Lemma has_matches_shift A E B q : q < size E ->
  has (matches E q) (iota 0 q) ->
  has (matches (A ++ E ++ B) (size A + q)) (iota 0 (size A + q)).
Proof.
move=> hq /hasP[y]; rewrite mem_iota => hy hm; apply/hasP; exists (size A + y).
  by rewrite mem_iota; lia.
by rewrite matches_shift //; lia.
Qed.

Lemma exists_match t q : q < size (expr t) -> nth X (expr t) q = RP ->
  has (matches (expr t) q) (iota 0 q).
Proof.
elim: t q => [|l IHl r IHr] [|q] //; rewrite [expr _]/= => hq hRP.
rewrite /= !size_cat /= in hq hRP.
case: (ltnP q (size (expr l))) => hql.
  rewrite nth_cat hql in hRP.
  exact: (has_matches_shift [:: LP] (expr r ++ [:: RP]) hql (IHl _ hql hRP)).
rewrite nth_cat ltnNge hql /= in hRP.
case: (ltnP (q - size (expr l)) (size (expr r))) => hqr.
  rewrite nth_cat hqr in hRP.
  have := has_matches_shift (LP :: expr l) [:: RP] hqr (IHr _ hqr hRP).
  by rewrite /= addSn subnKC.
have -> : q = size (expr l) + size (expr r) by lia.
by apply/hasP; exists 0; [rewrite mem_iota | apply: matches_outer].
Qed.

Lemma match_left_lt s q : has (matches s q) (iota 0 q) -> match_left s q < q.
Proof.
rewrite match_leftE has_filter; case e: (filter _ _) => [|y ys] // _.
have : last y ys \in filter (matches s q) (iota 0 q) by rewrite e mem_last.
by rewrite mem_filter mem_iota => /and3P[].
Qed.

Lemma match_left_shift A E B q : q < size E -> has (matches E q) (iota 0 q) ->
  match_left (A ++ E ++ B) (size A + q) = size A + match_left E q.
Proof.
move=> hq; rewrite !match_leftE iotaD filter_cat add0n.
have -> : iota (size A) q = map (addn (size A)) (iota 0 q) by rewrite -iotaDl addn0.
rewrite filter_map has_filter.
have -> : [seq y <- iota 0 q | preim (addn (size A)) (matches (A ++ E ++ B) (size A + q)) y]
          = [seq y <- iota 0 q | matches E q y].
  by apply: eq_in_filter => y; rewrite mem_iota /= => hy; apply: matches_shift; lia.
by case: (filter _ _) => [|y ys] //= _; rewrite last_cat /= last_map.
Qed.

Lemma is_RP_eq a : is_RP a -> a = RP.
Proof. by case: a. Qed.

Lemma RP_nth_lt s k : is_RP (nth X s k) -> k < size s.
Proof. by apply: contraLR; rewrite -leqNgt => /(nth_default X) ->. Qed.

Lemma RP_run_end s p : is_RP (nth X s p.+1) ->
  let q := p + find (fun a => ~~ is_RP a) (drop p.+1 s) in
  q < size s /\ nth X s q = RP.
Proof.
move=> hR; set f := find _ _.
have f0 : 0 < f by rewrite /f (drop_nth X (RP_nth_lt hR)) /= hR.
have : is_RP (nth X (drop p.+1 s) f.-1).
  by apply/negbFE; apply: (@before_find _ X (fun a => ~~ is_RP a)); rewrite prednK.
by rewrite nth_drop addSnnS prednK // => hq; split; [apply: RP_nth_lt | apply: is_RP_eq].
Qed.

Lemma has_X_after s i : 0 < i < count is_X s -> has is_X (drop (xpos s i).+1 s).
Proof.
move=> hi; have [|hp hX hc] := @xpos_spec s i; first lia.
rewrite has_count; move: (count_cat is_X (take (xpos s i).+1 s) (drop (xpos s i).+1 s)).
by rewrite cat_take_drop (take_nth X hp) -cats1 count_cat hc hX /=; lia.
Qed.

(** * The recursion for names *)

(* For the last leaf of [t], the run of right parentheses following it must not
   continue into [B]. *)
Lemma name_entry_shift A B t i : 0 < internal t -> 0 < i <= (internal t).+1 ->
  (i <= internal t) || ~~ is_RP (head X B) ->
  name_entry (A ++ expr t ++ B) (count is_X A + i) = count is_X A + name_entry (expr t) i.
Proof.
set E := expr t => ht hi hB.
have [|hp hpX hpc] := @xpos_spec E i; first by rewrite count_X_expr.
set p := xpos E i in hp hpX hpc *.
have p0 : 0 < p by case: p hpX {hp hpc} => //; rewrite head_expr.
rewrite /name_entry xpos_shift ?count_X_expr // -/p.
have -> : (size A + p).-1 = size A + p.-1 by lia.
have hp1 : p.-1 < size E by lia.
rewrite nth_cat_size nth_cat hp1 addn_gt0 p0 orbT /=; case: ifP => // notLP.
have hR : is_RP (nth X E p.+1).
  by have := leaf_neighbour [::] [::] ht hp hpX; rewrite cats0 /= notLP.
have hfind : find (fun a => ~~ is_RP a) (drop p.+1 E ++ B) =
             find (fun a => ~~ is_RP a) (drop p.+1 E).
  apply: (@find_cat_head _ X (fun a => ~~ is_RP a)).
  case/orP: hB => [hiE | ->]; last exact: orbT.
  by apply/orP; left; apply: sub_has (has_X_after _); [case | rewrite count_X_expr; lia].
have [hq hqR] := RP_run_end hR.
have hm := exists_match hq hqR.
rewrite -addnS drop_cat_size drop_cat (RP_nth_lt hR) hfind -addnA match_left_shift //.
by rewrite count_take_shift ?addnS // ltnW // (ltn_trans (match_left_lt hm) hq).
Qed.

=======

YOUR TASK: All entries must come back exactly as they were written.

OUTPUT:
Lemma has_matches_shift A E B q : q < size E ->
  has (matches E q) (iota 0 q) ->
  has (matches (A ++ E ++ B) (size A + q)) (iota 0 (size A + q)).
Proof.
move=> hq /hasP[y]; rewrite mem_iota => hy hm; apply/hasP; exists (size A + y).
  by rewrite mem_iota; lia.
by rewrite matches_shift //; lia.
Qed.

Lemma exists_match t q : q < size (expr t) -> nth X (expr t) q = RP ->
  has (matches (expr t) q) (iota 0 q).
Proof.
elim: t q => [|l IHl r IHr] [|q] //; rewrite [expr _]/= => hq hRP.
rewrite /= !size_cat /= in hq hRP.
case: (ltnP q (size (expr l))) => hql.
  rewrite nth_cat hql in hRP.
  exact: (has_matches_shift [:: LP] (expr r ++ [:: RP]) hql (IHl _ hql hRP)).
rewrite nth_cat ltnNge hql /= in hRP.
case: (ltnP (q - size (expr l)) (size (expr r))) => hqr.
  rewrite nth_cat hqr in hRP.
  have := has_matches_shift (LP :: expr l) [:: RP] hqr (IHr _ hqr hRP).
  by rewrite /= addSn subnKC.
have -> : q = size (expr l) + size (expr r) by lia.
by apply/hasP; exists 0; [rewrite mem_iota | apply: matches_outer].
Qed.

Lemma match_left_lt s q : has (matches s q) (iota 0 q) -> match_left s q < q.
Proof.
rewrite match_leftE has_filter; case e: (filter _ _) => [|y ys] // _.
have : last y ys \in filter (matches s q) (iota 0 q) by rewrite e mem_last.
by rewrite mem_filter mem_iota => /and3P[].
Qed.

Lemma match_left_shift A E B q : q < size E -> has (matches E q) (iota 0 q) ->
  match_left (A ++ E ++ B) (size A + q) = size A + match_left E q.
Proof.
move=> hq; rewrite !match_leftE iotaD filter_cat add0n.
have -> : iota (size A) q = map (addn (size A)) (iota 0 q) by rewrite -iotaDl addn0.
rewrite filter_map has_filter.
have -> : [seq y <- iota 0 q | preim (addn (size A)) (matches (A ++ E ++ B) (size A + q)) y]
          = [seq y <- iota 0 q | matches E q y].
  by apply: eq_in_filter => y; rewrite mem_iota /= => hy; apply: matches_shift; lia.
by case: (filter _ _) => [|y ys] //= _; rewrite last_cat /= last_map.
Qed.

Lemma is_RP_eq a : is_RP a -> a = RP.
Proof. by case: a. Qed.

Lemma RP_nth_lt s k : is_RP (nth X s k) -> k < size s.
Proof. by apply: contraLR; rewrite -leqNgt => /(nth_default X) ->. Qed.

Lemma RP_run_end s p : is_RP (nth X s p.+1) ->
  let q := p + find (fun a => ~~ is_RP a) (drop p.+1 s) in
  q < size s /\ nth X s q = RP.
Proof.
move=> hR; set f := find _ _.
have f0 : 0 < f by rewrite /f (drop_nth X (RP_nth_lt hR)) /= hR.
have : is_RP (nth X (drop p.+1 s) f.-1).
  by apply/negbFE; apply: (@before_find _ X (fun a => ~~ is_RP a)); rewrite prednK.
by rewrite nth_drop addSnnS prednK // => hq; split; [apply: RP_nth_lt | apply: is_RP_eq].
Qed.

Lemma has_X_after s i : 0 < i < count is_X s -> has is_X (drop (xpos s i).+1 s).
Proof.
move=> hi; have [|hp hX hc] := @xpos_spec s i; first lia.
rewrite has_count; move: (count_cat is_X (take (xpos s i).+1 s) (drop (xpos s i).+1 s)).
by rewrite cat_take_drop (take_nth X hp) -cats1 count_cat hc hX /=; lia.
Qed.

(** * The recursion for names *)

(* For the last leaf of [t], the run of right parentheses following it must not
   continue into [B]. *)
Lemma name_entry_shift A B t i : 0 < internal t -> 0 < i <= (internal t).+1 ->
  (i <= internal t) || ~~ is_RP (head X B) ->
  name_entry (A ++ expr t ++ B) (count is_X A + i) = count is_X A + name_entry (expr t) i.
Proof.
set E := expr t => ht hi hB.
have [|hp hpX hpc] := @xpos_spec E i; first by rewrite count_X_expr.
set p := xpos E i in hp hpX hpc *.
have p0 : 0 < p by case: p hpX {hp hpc} => //; rewrite head_expr.
rewrite /name_entry xpos_shift ?count_X_expr // -/p.
have -> : (size A + p).-1 = size A + p.-1 by lia.
have hp1 : p.-1 < size E by lia.
rewrite nth_cat_size nth_cat hp1 addn_gt0 p0 orbT /=; case: ifP => // notLP.
have hR : is_RP (nth X E p.+1).
  by have := leaf_neighbour [::] [::] ht hp hpX; rewrite cats0 /= notLP.
have hfind : find (fun a => ~~ is_RP a) (drop p.+1 E ++ B) =
             find (fun a => ~~ is_RP a) (drop p.+1 E).
  apply: (@find_cat_head _ X (fun a => ~~ is_RP a)).
  case/orP: hB => [hiE | ->]; last exact: orbT.
  by apply/orP; left; apply: sub_has (has_X_after _); [case | rewrite count_X_expr; lia].
have [hq hqR] := RP_run_end hR.
have hm := exists_match hq hqR.
rewrite -addnS drop_cat_size drop_cat (RP_nth_lt hR) hfind -addnA match_left_shift //.
by rewrite count_take_shift ?addnS // ltnW // (ltn_trans (match_left_lt hm) hq).
Qed.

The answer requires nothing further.